This glossary of terms relating to medieval castles is arranged alphabetically, with a separate page for each letter. As some letters of the alphabet do not have any words defined in this glossary they have been omitted, so there are only 18 pages, not 26.

The glossary was originally compiled by Miranda Greene in 2002.


Arrow Slit: Narrow opening in a wall for firing arrows through and for letting light in. Not wide enough for a person to climb through.

Ashlar: Squared blocks of smooth stone neatly trimmed to shape.


Bailey: Defended open court of a castle, often separated from the castle mound by a ditch. Service buildings such as prisons and arms stores were often found in this area.

Ballista: A siege engine which consisted of a single central lever which when pulled back released a giant spear over the walls of a castle and onto the defenders.

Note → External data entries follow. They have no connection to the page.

(* Let $(\Omega,\mathcal F)$ be a measurable space with $\Sigma\neq\emptyset$ and $v_0:\mathcal F\to[0,\infty)$ a non-decreasing continuous set function with $v_0(\emptyset)=0$. Suppose $v_n:\mathcal F\to[0,\infty)$, $n=0,1,2,\dots$, is a sequence of continuous set functions satisfying $v_{n+1}(A)=\sup_{\mathcal I\in\Sigma}\mu_{v_n,\mathcal I}(A)$ for all $A\in\mathcal F$ and $n\ge0$. Then for each $A\in\mathcal F$ the sequence $v_n(A)$ is non-decreasing and bounded above by $v_0(\Omega)$, hence converges; and the limit $v(A)=\lim_n v_n(A)$ is non-decreasing, submodular, satisfies $v(\emptyset)=0$, $v(\Omega)=v_0(\Omega)$, and $\lim_n v(A_n)=v(\bigcup_n A_n)$ for every sequence $A_1\subset A_2\subset\cdots$ in $\mathcal F$.
   Context: $\Sigma$ denotes the set of all classes $\mathcal I\subset\mathcal F$ that are chains (totally ordered by inclusion), contain $\emptyset$ and $\Omega$, and generate $\mathcal F$ as a $\sigma$-algebra. $v$ is non-decreasing if $v(A)\le v(B)$ for $A\subset B$; submodular if $v(A)+v(B)\ge v(A\cup B)+v(A\cap B)$. For $\mathcal I\in\Sigma$ let $\mathcal J$ be the algebra generated by $\mathcal I$, whose elements are the sets $\bigcup_{i=1}^n (C_i\cap D_i^c)$ with $C_1\supset D_1\supset\cdots\supset C_n\supset D_n$ in $\mathcal I$; for non-decreasing $v$ define $\mu_{v,\mathcal I}(\bigcup_{i=1}^n (C_i\cap D_i^c))=\sum_{i=1}^n(v(C_i)-v(D_i))$. A set function $v$ is continuous if it is non-decreasing and, for every $\mathcal I\in\Sigma$, $\mu_{v,\mathcal I}$ is $\sigma$-additive on $\mathcal J$; then $\mu_{v,\mathcal I}$ extends uniquely to a measure on $\mathcal F$, also denoted $\mu_{v,\mathcal I}$. *)

From HB Require Import structures.
From mathcomp Require Import all_boot all_order all_algebra.
From mathcomp Require Import all_classical all_reals all_analysis.
Set Implicit Arguments. Unset Strict Implicit. Unset Printing Implicit Defensive.
Import Order.TTheory GRing.Theory Num.Theory.
Import numFieldNormedType.Exports.
Local Open Scope classical_set_scope.
Local Open Scope ring_scope.

Section Defs.
Context {d : measure_display} {T : measurableType d} {R : realType}.

Definition InSigma (I : set (set T)) : Prop :=
  I `<=` measurable /\
  (forall A B, I A -> I B -> A `<=` B \/ B `<=` A) /\
  I set0 /\ I setT /\
  <<s I >> = measurable.

Fixpoint chain_rep (I : set (set T)) (s : seq (set T * set T)) : Prop :=
  match s with
  | [::] => True
  | (C, D) :: s' =>
      [/\ I C, I D, D `<=` C,
        (match s' with [::] => True | (C', _) :: _ => C' `<=` D end)
        & chain_rep I s']
  end.

(* the element  \bigcup_i (C_i \cap D_i^c)  of the algebra J *)
Definition rep_set (s : seq (set T * set T)) : set T :=
  foldr (fun p A => (p.1 `\` p.2) `|` A) set0 s.

(* mu_{v,I} of that element: \sum_i (v C_i - v D_i) *)
Definition rep_val (v : set T -> R) (s : seq (set T * set T)) : R :=
  \sum_(p <- s) (v p.1 - v p.2).

Definition nondecreasing_sf (v : set T -> R) : Prop :=
  forall A B, measurable A -> measurable B -> A `<=` B -> v A <= v B.
(* Let $\alpha\neq0$ be real, let $\mathbf{u}=(u_1,u_2)$ and $\mathbf{v}=(-u_1,u_2)$ be constant unit vectors with $u_1u_2\neq0$, and let $\mathbf{f}=(f_1,f_2)\in C_c^2(S^1;\mathbb{D})$. Then $D_\mathbf{u}D_\mathbf{v}\mathcal{L}_\alpha\mathbf{f}=\partial_{\tilde x_1}f_2-\partial_{\tilde x_2}f_1=\tilde\delta^\perp\mathbf{f}$ and $D_\mathbf{u}D_\mathbf{v}\mathcal{T}_\alpha\mathbf{f}=-(\partial_{\tilde x_1}f_1+\partial_{\tilde x_2}f_2)=-\tilde\delta\mathbf{f}$.
   Context: $\mathbb{D}$ is the open unit disc in $\mathbb{R}^2$; $C_c^2(S^1;\mathbb{D})$ is the space of $C^2$ vector fields with compact support in $\mathbb{D}$. $\mathbf{a}^\perp=(-a_2,a_1)$; $D_\mathbf{u}=\mathbf{u}\cdot\nabla$. The weighted longitudinal and transverse V-line transforms are $\mathcal{L}_\alpha\mathbf{f}(\mathbf{x})=-\int_0^\infty\mathbf{u}\cdot\mathbf{f}(\mathbf{x}+t\mathbf{u})\,dt+\alpha\int_0^\infty\mathbf{v}\cdot\mathbf{f}(\mathbf{x}+t\mathbf{v})\,dt$ and $\mathcal{T}_\alpha\mathbf{f}(\mathbf{x})=-\int_0^\infty\mathbf{u}^\perp\cdot\mathbf{f}(\mathbf{x}+t\mathbf{u})\,dt+\alpha\int_0^\infty\mathbf{v}^\perp\cdot\mathbf{f}(\mathbf{x}+t\mathbf{v})\,dt$. The differential operators $\partial_{\tilde x_1}=-(1+\alpha)u_1u_2\partial_{x_1}+(1-\alpha)u_2^2\partial_{x_2}$ and $\partial_{\tilde x_2}=(1-\alpha)u_1^2\partial_{x_1}-(1+\alpha)u_1u_2\partial_{x_2}$ (derivatives in the linear coordinates $\tilde x$ with $x_1=-(1+\alpha)u_1u_2\tilde x_1+(1-\alpha)u_1^2\tilde x_2$, $x_2=(1-\alpha)u_2^2\tilde x_1-(1+\alpha)u_1u_2\tilde x_2$); $\tilde\delta\mathbf{f}=\partial_{\tilde x_1}f_1+\partial_{\tilde x_2}f_2$, $\tilde\delta^\perp\mathbf{f}=\partial_{\tilde x_1}f_2-\partial_{\tilde x_2}f_1$. *)

From Stdlib Require Import Reals.
From Coquelicot Require Export Coquelicot.
Open Scope R_scope.

Definition sfield := R -> R -> R.

Definition d1 (g : sfield) : sfield := fun x1 x2 => Derive (fun y => g y x2) x1.
Definition d2 (g : sfield) : sfield := fun x1 x2 => Derive (fun y => g x1 y) x2.

Definition Ddir (a1 a2 : R) (g : sfield) : sfield :=
  fun x1 x2 => a1 * d1 g x1 x2 + a2 * d2 g x1 x2.

Definition cont2 (g : sfield) : Prop :=
  forall p : R * R, continuous (fun q : R * R => g (fst q) (snd q)) p.

Definition C2 (g : sfield) : Prop :=
  (forall x1 x2, ex_derive (fun y => g y x2) x1) /\
  (forall x1 x2, ex_derive (fun y => g x1 y) x2) /\
  (forall x1 x2, ex_derive (fun y => d1 g y x2) x1) /\
  (forall x1 x2, ex_derive (fun y => d1 g x1 y) x2) /\
  (forall x1 x2, ex_derive (fun y => d2 g y x2) x1) /\
  (forall x1 x2, ex_derive (fun y => d2 g x1 y) x2) /\
  cont2 g /\ cont2 (d1 g) /\ cont2 (d2 g) /\
  cont2 (d1 (d1 g)) /\ cont2 (d2 (d1 g)) /\
  cont2 (d1 (d2 g)) /\ cont2 (d2 (d2 g)).

(* compact support contained in the open unit disc D:
   the support lies in a closed disc of radius r < 1 *)
Definition supp_in_disc (g : sfield) : Prop :=
  exists r, 0 <= r < 1 /\ forall x1 x2, r ^ 2 < x1 ^ 2 + x2 ^ 2 -> g x1 x2 = 0.
(* Let $n=2$, $c\equiv1$ and $u_0(x)=-|x|$. For $\varepsilon>0$ let $u^\varepsilon$ be the unique viscosity solution of $$u^\varepsilon_t-\varepsilon\,\mathrm{tr}\{(I_2-\widehat{Du^\varepsilon}\otimes\widehat{Du^\varepsilon})D^2u^\varepsilon\}-|Du^\varepsilon|=0\ \text{in }\mathbb{R}^2\times(0,\infty),\qquad u^\varepsilon(\cdot,0)=u_0,$$ (i.e. $u^\varepsilon_t+F(\varepsilon D^2u^\varepsilon,Du^\varepsilon,x/\varepsilon)=0$ with $F(X,p,y)=-\mathrm{tr}\{(I_2-\hat p\otimes\hat p)X\}-c(y)|p|$), and let $u$ be the unique viscosity solution of the effective problem $u_t+\overline{F}(Du/|Du|)|Du|=0$ in $\mathbb{R}^2\times(0,\infty)$, $u(\cdot,0)=u_0$. Then for any $\varepsilon>0$ and any $(x,t)\in\mathbb{R}^2\times[0,\infty)$ with $|x|=t>\varepsilon(1+e^{-1})$, $$|u^\varepsilon(x,t)-u(x,t)|\geq\frac12\varepsilon\Big(\log\Big(\frac{t}{\varepsilon}-1\Big)+1\Big).$$
   Context: $\hat p=p/|p|$ for $p\neq0$. For each $p\in\mathbb{R}^2$, $\overline{F}(p)$ denotes the unique real number such that $F(D^2v,p+Dv,y)=\overline{F}(p)$ admits a $\mathbb{Z}^2$-periodic viscosity solution (for $c\equiv1$ this gives $\overline{F}(p)=-|p|$). Solutions are viscosity solutions in the sense appropriate for geometric equations. *)

From Stdlib Require Import Reals.
Open Scope R_scope.

Definition pt := (R * R)%type.
Definition dot (p q : pt) : R := fst p * fst q + snd p * snd q.
Definition nrm (p : pt) : R := sqrt (dot p p).
Definition psub (p q : pt) : pt := (fst p - fst q, snd p - snd q).
Definition pscale (k : R) (p : pt) : pt := (k * fst p, k * snd p).

(* symmetric 2x2 matrices [[s11, s12], [s12, s22]] *)
Record sym2 := Sym2 { s11 : R; s12 : R; s22 : R }.
Definition mxv (X : sym2) (v : pt) : pt :=
  (s11 X * fst v + s12 X * snd v, s12 X * fst v + s22 X * snd v).
(* tr(A X) for symmetric A, X *)
Definition trprod (A X : sym2) : R :=
  s11 A * s11 X + 2 * s12 A * s12 X + s22 A * s22 X.
Definition sym_dist (X Y : sym2) : R :=
  Rabs (s11 X - s11 Y) + Rabs (s12 X - s12 Y) + Rabs (s22 X - s22 Y).
Definition sscale (k : R) (X : sym2) : sym2 :=
  Sym2 (k * s11 X) (k * s12 X) (k * s22 X).

(* \hat p = p / |p| (only used for p <> 0) *)
Definition hat (p : pt) : pt := pscale (/ nrm p) p.
(* I_2 - \hat p (x) \hat p *)
Definition projm (p : pt) : sym2 :=
  let q := hat p in
  Sym2 (1 - fst q * fst q) (- (fst q * snd q)) (1 - snd q * snd q).

Definition c (y : pt) : R := 1.
Definition F (X : sym2) (p : pt) (y : pt) : R :=
  - trprod (projm p) X - c y * nrm p.

(* Operator of the eps-problem: u_t + F(eps D^2u, Du, x/eps) = 0 *)
Definition Geps (eps : R) (x : pt) (X : sym2) (p : pt) : R :=
  F (sscale eps X) p (pscale (/ eps) x).

(* Effective Hamiltonian; for c == 1 the context gives Fbar(p) = -|p| *)
Definition Fbar (p : pt) : R := - nrm p.
(* Operator of the effective problem: u_t + Fbar(Du/|Du|)|Du| = 0 *)
Definition Geff (x : pt) (X : sym2) (p : pt) : R := Fbar (hat p) * nrm p.

Definition u0 (x : pt) : R := - nrm x.

Definition superjet (u : pt -> R -> R) (x : pt) (t a : R) (p : pt) (X : sym2) : Prop :=
  forall eta, eta > 0 -> exists delta, delta > 0 /\
    forall y s, s > 0 -> nrm (psub y x) < delta -> Rabs (s - t) < delta ->
      u y s <= u x t + a * (s - t) + dot p (psub y x)
               + / 2 * dot (mxv X (psub y x)) (psub y x)
               + eta * (Rabs (s - t) + nrm (psub y x) ^ 2).
Definition subjet (u : pt -> R -> R) (x : pt) (t a : R) (p : pt) (X : sym2) : Prop :=
  forall eta, eta > 0 -> exists delta, delta > 0 /\
    forall y s, s > 0 -> nrm (psub y x) < delta -> Rabs (s - t) < delta ->
      u y s >= u x t + a * (s - t) + dot p (psub y x)
               + / 2 * dot (mxv X (psub y x)) (psub y x)
               - eta * (Rabs (s - t) + nrm (psub y x) ^ 2).

(* G_*(x,X,p) <= r, where G_* is the lower semicontinuous envelope in (X,p)
   of G (which is only defined for p <> 0): liminf_{(Y,q)->(X,p), q<>0} G <= r *)
Definition lower_env_le (G : pt -> sym2 -> pt -> R) (x : pt) (X : sym2) (p : pt) (r : R) : Prop :=
  forall eta delta, eta > 0 -> delta > 0 -> exists Y q,
    q <> (0, 0) /\ sym_dist Y X + nrm (psub q p) < delta /\ G x Y q <= r + eta.
(* G^*(x,X,p) >= r, upper semicontinuous envelope *)
Definition upper_env_ge (G : pt -> sym2 -> pt -> R) (x : pt) (X : sym2) (p : pt) (r : R) : Prop :=
  forall eta delta, eta > 0 -> delta > 0 -> exists Y q,
    q <> (0, 0) /\ sym_dist Y X + nrm (psub q p) < delta /\ G x Y q >= r - eta.

(* uniqueness class: uniformly continuous on R^2 x [0,T] for every T *)
Definition unif_cont_strips (u : pt -> R -> R) : Prop :=
  forall T, T > 0 -> forall eta, eta > 0 -> exists delta, delta > 0 /\
    forall x y t s, 0 <= t <= T -> 0 <= s <= T ->
      nrm (psub x y) < delta -> Rabs (t - s) < delta ->
      Rabs (u x t - u y s) < eta.

(* u is a viscosity solution of u_t + G(x, D^2u, Du) = 0 in R^2 x (0,oo),
   u(.,0) = v0, in the sense for (geometric, singular at Du = 0) equations
   via semicontinuous envelopes. *)
Definition visc_sol (G : pt -> sym2 -> pt -> R) (v0 : pt -> R) (u : pt -> R -> R) : Prop :=
  unif_cont_strips u /\
  (forall x, u x 0 = v0 x) /\
  (forall x t, t > 0 ->
     (forall a p X, superjet u x t a p X -> lower_env_le G x X p (- a)) /\
     (forall a p X, subjet u x t a p X -> upper_env_ge G x X p (- a))).

(* With c = 1 the effective equation is u_t = |Du|, whose solution from u0 = -|x| vanishes on the
   cone |x| = t; we only need u >= 0 there.  For the eps-problem, psi(r) = -(r + eps ln (r/eps - 1))/2
   makes psi(|x|) + t/2 an exact solution in |x| > eps which lies above u0 at t = 0, so that
   u^eps(x, t) <= psi(t) + t/2 - eps/2 = -(eps/2)(ln (t/eps - 1) + 1) on the cone.

   Both bounds are comparisons with explicit strict barriers: a slightly perturbed solution, plus a
   penalty K (s - t)_+^2 after the time of interest (and, for psi, a cap near its singularity at
   r = eps).  The growth of the solutions forces barrier minus solution (or the reverse) to attain
   an interior maximum on the strip R^2 x [0, t + 1]; there the second-order jet of the barrier is a
   jet of the solution, which the strict inequality satisfied by the barrier rules out.  For u the
   barrier is ramp (|x| - (1 - th) s) - th s - th sqrt (1 + |x|^2), where ramp smooths
   z |-> - max dl z. *)

From Stdlib Require Import Reals ZArith Lra Psatz ClassicalEpsilon.
From Coquelicot Require Import Coquelicot.
Open Scope R_scope.

(** * Plane geometry *)

Lemma Rabs_mult_le a b A B : Rabs a <= A -> Rabs b <= B -> Rabs (a * b) <= A * B.
Proof. intros; rewrite Rabs_mult; apply Rmult_le_compat; auto; apply Rabs_pos. Qed.

Lemma Rabs_div_pos_le a D n : 0 < n -> Rabs a <= D -> Rabs (a / n) <= D / n.
Proof.
  intros Hn Ha; unfold Rdiv; rewrite Rabs_mult, (Rabs_right (/ n)) by (left; apply Rinv_0_lt_compat; lra).
  apply Rmult_le_compat_r; [left; apply Rinv_0_lt_compat; lra | exact Ha].
Qed.

Lemma dot_self_ge0 p : 0 <= dot p p.
Proof. unfold dot; nra. Qed.

Lemma nrm_ge0 p : 0 <= nrm p.
Proof. apply sqrt_pos. Qed.

Lemma nrm_sqr p : nrm p * nrm p = dot p p.
Proof. apply sqrt_sqrt, dot_self_ge0. Qed.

Battering Ram: A large tree trunk which was placed on wheels. This would be driven at speed against the doors of the castle with the intention of breaking them down. Sometimes the end would be covered in tar and set on fire in order to do more damage to the castle's wooden doors.

Barbican: Outer fortification protecting the entrance to a castle.

Belfry: A siege engine used by castle attackers. It consisted of a wooden tower that could be wheeled up to the castle walls, allowing the attackers to throw objects over the high walls and down onto the castle defenders.

Berm: A level area separating a ditch from a bank.

Bordar: This was the lowest order of peasant at the time of the Domesday Survey (1086); he would have worked directly for the lord.

Burgh: A Saxon stronghold; the word literally means "neighbourhood". Comes from the Old English word "burg". In German the word "bergen" means "to protect".

Buttress: Mass of brickwork or masonry projecting from or built against a wall to give additional strength.


Champfer: A surface made by cutting across the square angle of a stone block or piece of wood at an angle of 45º to the other two surfaces.

Corbel: Timber or stone projection from a wall to support a horizontal structure, e.g. a beam.

Counterscarp: The outer slope of a ditch or bank.

Crenellation: Battlement or indented parapet consisting of alternating raised parts and indentations. A licence to crenellate was the equivalent of a licence to fortify.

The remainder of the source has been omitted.